==== DATA IN THIS EXERCISE

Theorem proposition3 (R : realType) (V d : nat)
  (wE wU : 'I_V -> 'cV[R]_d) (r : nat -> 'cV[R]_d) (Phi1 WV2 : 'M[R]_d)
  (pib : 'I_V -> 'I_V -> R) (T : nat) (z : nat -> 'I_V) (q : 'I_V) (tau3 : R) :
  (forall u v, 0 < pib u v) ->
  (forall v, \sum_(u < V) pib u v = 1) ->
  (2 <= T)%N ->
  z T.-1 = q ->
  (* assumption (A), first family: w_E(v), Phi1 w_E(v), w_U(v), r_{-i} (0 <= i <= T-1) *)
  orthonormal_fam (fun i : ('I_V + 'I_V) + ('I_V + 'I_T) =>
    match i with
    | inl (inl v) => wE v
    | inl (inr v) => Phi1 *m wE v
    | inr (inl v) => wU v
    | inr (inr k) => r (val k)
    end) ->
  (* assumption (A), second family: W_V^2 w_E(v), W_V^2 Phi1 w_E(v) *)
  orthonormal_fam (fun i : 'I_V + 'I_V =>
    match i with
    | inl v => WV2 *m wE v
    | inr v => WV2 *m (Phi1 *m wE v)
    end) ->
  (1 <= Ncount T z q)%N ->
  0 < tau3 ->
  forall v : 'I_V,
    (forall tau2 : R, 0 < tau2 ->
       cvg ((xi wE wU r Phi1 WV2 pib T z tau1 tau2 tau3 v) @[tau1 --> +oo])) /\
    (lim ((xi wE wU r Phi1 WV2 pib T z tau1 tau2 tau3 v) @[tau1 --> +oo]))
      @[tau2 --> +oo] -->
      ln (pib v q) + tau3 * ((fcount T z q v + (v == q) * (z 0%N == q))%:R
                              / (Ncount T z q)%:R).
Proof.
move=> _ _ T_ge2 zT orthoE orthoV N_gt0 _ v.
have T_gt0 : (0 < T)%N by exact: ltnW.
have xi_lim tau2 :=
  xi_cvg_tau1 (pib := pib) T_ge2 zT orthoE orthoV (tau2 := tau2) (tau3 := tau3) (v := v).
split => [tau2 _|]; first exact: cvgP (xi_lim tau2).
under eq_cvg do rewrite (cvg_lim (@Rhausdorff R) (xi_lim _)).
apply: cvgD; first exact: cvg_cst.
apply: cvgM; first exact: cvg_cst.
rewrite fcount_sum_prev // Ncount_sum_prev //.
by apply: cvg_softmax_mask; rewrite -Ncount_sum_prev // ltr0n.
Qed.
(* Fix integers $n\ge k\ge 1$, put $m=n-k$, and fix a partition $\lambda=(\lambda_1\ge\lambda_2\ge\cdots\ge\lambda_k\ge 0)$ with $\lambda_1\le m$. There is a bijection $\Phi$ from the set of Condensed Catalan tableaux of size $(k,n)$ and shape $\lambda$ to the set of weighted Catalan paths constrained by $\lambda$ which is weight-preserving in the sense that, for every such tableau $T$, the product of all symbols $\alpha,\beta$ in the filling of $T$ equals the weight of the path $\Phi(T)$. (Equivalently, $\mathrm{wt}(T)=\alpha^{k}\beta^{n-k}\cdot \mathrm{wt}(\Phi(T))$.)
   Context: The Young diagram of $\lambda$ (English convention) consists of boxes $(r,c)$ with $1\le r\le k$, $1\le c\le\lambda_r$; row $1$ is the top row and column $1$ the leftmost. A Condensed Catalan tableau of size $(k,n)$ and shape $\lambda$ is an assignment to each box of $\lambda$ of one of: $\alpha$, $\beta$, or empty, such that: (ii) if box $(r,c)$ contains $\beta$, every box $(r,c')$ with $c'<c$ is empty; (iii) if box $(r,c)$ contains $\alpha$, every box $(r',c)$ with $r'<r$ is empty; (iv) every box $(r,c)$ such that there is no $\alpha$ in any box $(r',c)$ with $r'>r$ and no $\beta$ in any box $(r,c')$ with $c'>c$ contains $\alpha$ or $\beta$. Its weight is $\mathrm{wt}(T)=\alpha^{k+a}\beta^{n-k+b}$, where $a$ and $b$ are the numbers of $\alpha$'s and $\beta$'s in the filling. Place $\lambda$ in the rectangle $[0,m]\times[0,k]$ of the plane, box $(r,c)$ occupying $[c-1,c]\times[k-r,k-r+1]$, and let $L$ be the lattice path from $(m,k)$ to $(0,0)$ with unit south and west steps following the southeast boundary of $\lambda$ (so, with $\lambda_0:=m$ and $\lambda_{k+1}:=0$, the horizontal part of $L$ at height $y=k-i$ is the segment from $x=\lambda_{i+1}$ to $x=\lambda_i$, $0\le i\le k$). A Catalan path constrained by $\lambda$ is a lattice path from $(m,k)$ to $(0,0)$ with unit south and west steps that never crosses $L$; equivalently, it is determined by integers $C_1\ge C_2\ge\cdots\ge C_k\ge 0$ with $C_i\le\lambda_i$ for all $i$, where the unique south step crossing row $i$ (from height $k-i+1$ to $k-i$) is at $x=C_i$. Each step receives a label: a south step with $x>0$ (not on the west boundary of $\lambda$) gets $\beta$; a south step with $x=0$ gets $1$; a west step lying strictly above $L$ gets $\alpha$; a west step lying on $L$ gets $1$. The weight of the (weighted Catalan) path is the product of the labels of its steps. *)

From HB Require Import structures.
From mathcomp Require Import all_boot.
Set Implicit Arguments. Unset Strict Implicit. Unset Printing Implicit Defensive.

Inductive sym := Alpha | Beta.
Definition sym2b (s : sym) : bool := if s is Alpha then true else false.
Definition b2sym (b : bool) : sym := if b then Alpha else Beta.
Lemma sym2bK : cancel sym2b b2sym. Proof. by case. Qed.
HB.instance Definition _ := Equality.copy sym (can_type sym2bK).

========

ASSIGNMENT:
From the records above, give again exactly the lines running from the line with "(inl v) => wU v" to the line with "(lim ((xi wE", inclusive.

WRITTEN RESPONSE:
    | inr (inl v) => wU v
    | inr (inr k) => r (val k)
    end) ->
  (* assumption (A), second family: W_V^2 w_E(v), W_V^2 Phi1 w_E(v) *)
  orthonormal_fam (fun i : 'I_V + 'I_V =>
    match i with
    | inl v => WV2 *m wE v
    | inr v => WV2 *m (Phi1 *m wE v)
    end) ->
  (1 <= Ncount T z q)%N ->
  0 < tau3 ->
  forall v : 'I_V,
    (forall tau2 : R, 0 < tau2 ->
       cvg ((xi wE wU r Phi1 WV2 pib T z tau1 tau2 tau3 v) @[tau1 --> +oo])) /\
    (lim ((xi wE wU r Phi1 WV2 pib T z tau1 tau2 tau3 v) @[tau1 --> +oo]))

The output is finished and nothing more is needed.